Short-term infection of MG on house finch reduced mitochondrial respiration driven proton leak using complex II substrates. Mitochondrial respiration and enzymatic activity from isolated liver mitochondria for birds three-day post inoculation with Mycoplasma gallisepticum (MG infected) and uninoculated birds (Control). Bar graphs showing the states 2, 3, and 4 respiration rates with complex I (10 mM malate, and 10 mM glutamate (A)), complex II (10 mM succinate with 2 μM rotenone (B)), respiration control ratio (RCR (C)), and citrate synthase activity in liver homogenate and complex II activity in isolated liver mitochondria (D). Squares represent uninfected birds, and triangles represent MG-infected birds. Data are presented as mean ± SEM. * indicates P < 0.05
Experiment 2: Long-term MG infection decreases mitochondrial complex I and II driven respiration
For long-term MG infection (34 days post inoculation), categorizing birds into chronic and recovered by either pathogen load or eye score showed very similar results. Results based on eye score were included in the Supplementary Figure 2. When we group birds by pathogen load, population did not affect any mitochondrial respiratory markers (all P > 0.292). However, control birds had higher state 2 (estimate (control) = 8.73, F2,62 = 36.456, P < 0.001) and state 3ADP for both complex I (estimate (control) = 24.53, F2,62 = 26.224, P < 0.001) and complex II driven respiration compared to either chronic or recovered birds (estimate (control) = 91.82, F2,62 = 93.144, P < 0.001), but state 4O respiration was not significantly affected (P = 0.151, Figure 2A and B). Consequently, RCR for both complex I (estimate (control) = 0.38, F2,62 = 6.305, P = 0.003) and complex II driven (estimate (control) = 1.61, F2,62 = 27.330, P < 0.001) respiration were also higher for control birds than either chronic or recovered counterparts (Figure 2C).

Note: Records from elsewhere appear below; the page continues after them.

(* Let $\alpha>0$ be fixed. There is a constant $C>0$ (depending only on $\alpha$) such that the following holds. Let $\mathcal{R}=\{P_1,\dots,P_n\}$ be a set of $n$ pairwise disjoint, connected, $\alpha$-fat simple polygons in the plane, let $0<\varepsilon<1$, let $T^*$ be an optimal tour of $\mathcal{R}$ with length $L^*$, let $W_0$ be the axis-aligned bounding box of $T^*$, let $\mathcal{R}_{W_0}\subseteq\mathcal{R}$ be the set of regions lying entirely inside $W_0$, and let $\lambda(\mathcal{R}_{W_0})$ be the sum of the diameters of the regions in $\mathcal{R}_{W_0}$. Then $L^*\ge C\cdot \lambda(\mathcal{R}_{W_0})/\log(n/\varepsilon)$.
   Context: A region $P$ is $\alpha$-fat if $\mathrm{area}(P)\ge \alpha\,[\mathrm{diam}(P)]^2$. A tour of $\mathcal{R}$ is a closed curve in the plane that intersects every region; an optimal tour is one of minimum Euclidean length. *)

From HB Require Import structures.
From mathcomp Require Import all_boot all_order all_algebra.
From mathcomp Require Import all_classical all_reals all_analysis.
Set Implicit Arguments. Unset Strict Implicit. Unset Printing Implicit Defensive.
Import Order.TTheory GRing.Theory Num.Theory.
Import numFieldNormedType.Exports.
Local Open Scope classical_set_scope.
Local Open Scope ring_scope.

Section Plane.
Variable R : realType.
Definition pt := (R * R)%type.

Definition edist (p q : pt) : R :=
  Num.sqrt ((p.1 - q.1) ^+ 2 + (p.2 - q.2) ^+ 2).

Definition diam (P : set pt) : R :=
  sup [set edist p q | p in P & q in P].

Definition area (P : set pt) : \bar R :=
  ((@lebesgue_measure R) \x (@lebesgue_measure R))%E P.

Long-term infection of MG on house finch reduced mitochondrial complexes I and II respiration. Mitochondrial respiration and enzymatic activity from isolated liver mitochondria for birds twenty-eight days post inoculation with recovered (no pathogen load), chronic (positive pathogen load), and uninoculated birds (Control). Bar graphs showing that states 2 and 4O respiration rates (A) and state 3ADP respiration with complex I (10 mM malate, and 10 mM glutamate) and complex II (10 mM succinate with 2 μM rotenone (B) substrates; respiration control ratio (RCR) (C) citrate synthase activity in liver homogenate and complex II activity in isolated liver mitochondria (D). Squares represent uninfected birds, triangles represent recovered birds, and circles represent chronic birds. Data are presented as mean ± SEM. Bars that do not share a letter depict means that are significantly different from one another (P < 0.05).

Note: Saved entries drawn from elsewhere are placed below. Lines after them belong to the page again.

Definition spectral_radius (B : 'M[R]_n) : R :=
  \big[Num.max/0]_(z <- eigenvalues B) ComplexField.Normc.normc z.

Definition monotone (B : 'M[R]_n) : Prop :=
  B \in unitmx /\ mx_nonneg (invmx B).

Definition weak_regular_splitting (B U V : 'M[R]_n) : Prop :=
  B = U - V /\ U \in unitmx /\ mx_nonneg (invmx U) /\ mx_nonneg (invmx U *m V).

Definition regular_splitting (B U V : 'M[R]_n) : Prop :=
  B = U - V /\ U \in unitmx /\ mx_nonneg (invmx U) /\ mx_nonneg V.

Definition weak_regular_multisplitting (p : nat) (B : 'M[R]_n)
    (U V E : 'I_p -> 'M[R]_n) : Prop :=
  (forall k, weak_regular_splitting B (U k) (V k)) /\
  (forall k, is_diag_mx (E k)) /\
  (forall k, mx_nonneg (E k)) /\
  \sum_(k < p) E k = 1%:M.
End Defs.

From HB Require Import structures.
From mathcomp Require Import all_boot all_order all_algebra.
From mathcomp Require Import complex.
From mathcomp Require Import boolp classical_sets reals.
From mathcomp Require Import polyrcf.
From mathcomp Require Import ring lra.
Set Implicit Arguments. Unset Strict Implicit. Unset Printing Implicit Defensive.
Import Order.TTheory GRing.Theory Num.Theory.
Local Open Scope ring_scope.

(* Write [P = sum_k E_k U_k^-1], so that [H = 1 - P A] and, since the [E_k] are diagonal
   weights summing to [1], [Uup^-1 <= P <= Ulow^-1] entrywise.  For a regular splitting
   [A = U - V] with [U^-1 <= P], a nonnegative Perron row vector [y] of [H] gives the
   vector [q = y A^-1 V >= 0] with [q U^-1 V >= rho(H) q]; dually, when [P <= U^-1], a
   Perron column vector [x] of [U^-1 V] gives [w = A^-1 V x] with [H w >= rho(U^-1 V) w].
   The Collatz-Wielandt bound [rho(B) >= mu] for any nonzero [q >= 0] with [q B >= mu q]
   then yields both inequalities.  That bound in turn rests on the nonnegativity of
   [(t - B)^-1] for every [t > rho(B)], obtained by a connectedness argument on
   [(rho(B), +oo)]. *)

Section EntrywiseOrder.
Variable R : numDomainType.

(* Rectangular versions of [mx_nonneg] and [mx_le], to which they reduce on square matrices. *)
Definition nonnegmx m n (M : 'M[R]_(m, n)) := forall i j, 0 <= M i j.
Definition lemx m n (M N : 'M[R]_(m, n)) := forall i j, M i j <= N i j.

Lemma nonnegmx_mul m n p (M : 'M[R]_(m, n)) (N : 'M[R]_(n, p)) :
  nonnegmx M -> nonnegmx N -> nonnegmx (M *m N).
Proof. by move=> hM hN i j; rewrite mxE; apply: sumr_ge0 => k _; apply: mulr_ge0. Qed.

Lemma lemx_mul2l m n p (C : 'M[R]_(m, n)) (M N : 'M[R]_(n, p)) :
  nonnegmx C -> lemx M N -> lemx (C *m M) (C *m N).
Proof. by move=> hC hMN i j; rewrite !mxE; apply: ler_sum => k _; apply: ler_wpM2l. Qed.

Lemma lemx_mul2r m n p (C : 'M[R]_(n, p)) (M N : 'M[R]_(m, n)) :
  nonnegmx C -> lemx M N -> lemx (M *m C) (N *m C).
Proof. by move=> hC hMN i j; rewrite !mxE; apply: ler_sum => k _; apply: ler_wpM2r. Qed.

Lemma nonnegmx_scale_le0_eq0 m n l (M : 'M[R]_(m, n)) :
  0 < l -> nonnegmx M -> lemx (l *: M) 0 -> M = 0.
Proof.
move=> l_gt0 M_ge0 lM_le0; apply/matrixP => i j; apply/eqP; rewrite mxE eq_le M_ge0 andbT.
by have := lM_le0 i j; rewrite !mxE pmulr_rle0.
Qed.

End EntrywiseOrder.

Section SmallNonnegPerturbation.
Variable R : realFieldType.
Variables (n : nat) (D : 'M[R]_n) (c : R).
Hypotheses (D_ge0 : nonnegmx D) (c_ge0 : 0 <= c) (c_lt1 : c < 1).
Hypothesis D_rowsum : forall i, \sum_j D i j <= c.

(* Maximum principle: the largest entry [mx] of [M] satisfies [mx <= c * mx]. *)
Lemma lemx0_le_mulmx m (M : 'M[R]_(n, m)) : lemx M (D *m M) -> lemx M 0.
Proof.
move=> hM; set mx := \big[Num.max/0]_(ij : 'I_n * 'I_m) M ij.1 ij.2.
have mx_ge0 : 0 <= mx by apply: bigmax_ge_id.
have le_mx i j : M i j <= mx by apply: (le_bigmax 0 (fun ij => M ij.1 ij.2) (i, j)).
have le_cmx i j : M i j <= c * mx.
  apply: le_trans (hM i j) _; rewrite mxE.
  apply: (@le_trans _ _ (\sum_k D i k * mx)).
    by apply: ler_sum => k _; apply: ler_wpM2l.
  by rewrite -mulr_suml; apply: ler_wpM2r.
have mx_le : mx <= c * mx.
  by apply: bigmax_le => [|[i j] _]; [apply: mulr_ge0 | apply: le_cmx].
move=> i j; rewrite mxE; apply: le_trans (le_mx i j) _.
have c1_gt0 : 0 < 1 - c by rewrite subr_gt0.
by rewrite -(pmulr_lle0 _ c1_gt0); lra.
Qed.

Lemma unitmx_1Bmx : (1%:M - D) \in unitmx.
Proof.
rewrite -unitmx_tr unitmxE unitfE; apply/negP => /det0P [v /negP v_neq0 hv].
apply: v_neq0; apply/eqP/rowP => j; rewrite mxE; apply/eqP; rewrite -normr_le0.
have hvD : v^T = D *m v^T.
  apply/eqP; rewrite -subr_eq0 -{1}[v^T]mul1mx -mulmxBl.
  by rewrite -[1%:M - D]trmxK -trmx_mul hv trmx0.
have abs_v_le0 : lemx (map_mx Num.norm v^T) 0.
  apply: lemx0_le_mulmx => i k; rewrite (ord1 k) [in X in X <= _]hvD !mxE.
  apply: le_trans (ler_norm_sum _ _ _) _; apply: ler_sum => l _.
  by rewrite !mxE normrM (ger0_norm (D_ge0 _ _)).
by have := abs_v_le0 j 0; rewrite !mxE.
Qed.

Lemma invmx_1Bmx_ge0 : nonnegmx (invmx (1%:M - D)).
Proof.
set X := invmx (1%:M - D).
have X_eq : X = 1%:M + D *m X.
  by apply/eqP; rewrite -subr_eq -[X in X - _]mul1mx -mulmxBl mulmxV ?unitmx_1Bmx.
have negX_le0 : lemx (- X) 0.
  apply: lemx0_le_mulmx => i j.
  rewrite {1}X_eq mulmxN !mxE opprD.
  have : 0 <= (1 : R) *+ (i == j) by rewrite mulrn_wge0.
  lra.
by move=> i j; have := negX_le0 i j; rewrite !mxE oppr_le0.
Qed.

End SmallNonnegPerturbation.

Lemma invmx_1Bscalemx_ge0 (R : realFieldType) n (C : 'M[R]_n) : nonnegmx C ->
  exists2 d : R, 0 < d & forall e, 0 <= e -> e < d ->
    (1%:M - e *: C) \in unitmx /\ nonnegmx (invmx (1%:M - e *: C)).
Proof.
move=> C_ge0; set S := \sum_i \sum_k C i k.
have rowsum_ge0 i : 0 <= \sum_k C i k by apply: sumr_ge0 => k _.
have S_ge0 : 0 <= S by apply: sumr_ge0.
have rowsum_le i : \sum_k C i k <= S.
  by rewrite /S [X in _ <= X](bigD1 i) //= lerDl; apply: sumr_ge0 => l _.
exists (S + 1)^-1; first by rewrite invr_gt0; lra.
move=> e e_ge0 e_lt.
have eS_lt1 : e * S < 1.
  have : e * (S + 1) < 1 by rewrite -ltr_pdivlMr ?mul1r; lra.
  lra.
have eC_ge0 : nonnegmx (e *: C) by move=> i j; rewrite mxE; apply: mulr_ge0.
have eC_rowsum i : \sum_k (e *: C) i k <= e * S.
  under eq_bigr do rewrite mxE.
  by rewrite -mulr_sumr; apply: ler_wpM2l.
split; first exact: (unitmx_1Bmx eC_ge0 (mulr_ge0 e_ge0 S_ge0) eS_lt1 eC_rowsum).
exact: (invmx_1Bmx_ge0 eC_ge0 (mulr_ge0 e_ge0 S_ge0) eS_lt1 eC_rowsum).
Qed.

Lemma char_poly_trmx (F : comNzRingType) n (A : 'M[F]_n) : char_poly A^T = char_poly A.
Proof.
rewrite /char_poly /char_poly_mx -det_tr; congr (\det _).
by rewrite linearB /= tr_scalar_mx map_trmx trmxK.
Qed.

Lemma horner_char_poly_mx (F : comNzRingType) n (A : 'M[F]_n) x :
  map_mx (horner_eval x) (char_poly_mx A) = x%:M - A.
Proof.
apply/matrixP => i j; rewrite !mxE /horner_eval /=.
by rewrite hornerD hornerN hornerMn hornerX hornerC.
Qed.

Lemma horner_char_poly (F : comNzRingType) n (A : 'M[F]_n) x :
  (char_poly A).[x] = \det (x%:M - A).
Proof. by rewrite -horner_char_poly_mx det_map_mx. Qed.

Lemma horner_adj_char_poly_mx (F : comNzRingType) n (A : 'M[F]_n) x i j :
  (\adj (char_poly_mx A) i j).[x] = \adj (x%:M - A) i j.
Proof. by rewrite -horner_char_poly_mx -map_mx_adj [in RHS]/map_mx [in RHS]mxE. Qed.

Lemma invmx_mul (F : comUnitRingType) n (A B : 'M[F]_n) :
  A \in unitmx -> B \in unitmx -> invmx (A *m B) = invmx B *m invmx A.
Proof.
move=> A_unit B_unit; have AB_unit : A *m B \in unitmx by rewrite unitmx_mul A_unit.
rewrite -[RHS](mulKmx AB_unit).
have -> : A *m B *m (invmx B *m invmx A) = 1%:M by rewrite -mulmxA mulKVmx // mulmxV.
by rewrite mulmx1.
Qed.

Section Eigenvalues.
Variable R : rcfType.
Local Notation normc := (@ComplexField.Normc.normc R).
Local Notation toC := (fun x : R => x%:C%C).

Lemma normcC (z : R[i]) : (normc z)%:C%C = `|z|.
Proof. by case: z. Qed.

Lemma normc_ge0 (z : R[i]) : 0 <= normc z.
Proof. by case: z => a b; apply: sqrtr_ge0. Qed.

When comparing between different MG isolates at 34 DPI, state 3ADP for both complex I (estimate (control) = 35.31, F2,62 = 15.886, P < 0.001) and II driven (estimate (control) = 97.34, F2,62 = 66.101, P < 0.001) respiration were significantly lower for MG infected birds compared to control regardless of MG isolates (Figure 3B). This decrease in state 3ADP respirations also resulted in lower RCR for both complex I (estimate (control) = 0.58, F2,62 = 4.477, P = 0.007) and II driven (estimate (control) = 1.71, F2,62 = 18.401, P < 0.001) respiration, with stable state 4O respiration (P = 0.334) (Figure 3 C). State 2 respiration (estimate (control) = 9.69, F2,62 = 28.931, P < 0.001) also differed between groups (Figure 3 A). Specifically, control birds had higher state 2 respiration compared to low-dose/high-virulence (VA13; P < 0.001), and low-dose/low-virulence (VA94; P < 0.001) and high-dose/low-virulence (VA94) (P < 0.001). Both low-dose/high-virulence (VA13; P = 0.015) and high-dose/low-virulence (VA94; P = 0.041) infection also resulted in higher state 2 respiration compared to low-dose/low-virulence (VA94). The interaction between population and treatment interaction also helped explain variation in complex II driven state 3ADP respiration (F2,62 = 2.845, P = 0.046), with Alabama birds have higher state 3 respiration than California birds when infected with low-dose/low-virulence (VA94) MG (P = 0.023) (Data not shown). These results indicated that long-term MG infection decreases both mitochondrial respirations regardless of MG isolates and the status of the infection.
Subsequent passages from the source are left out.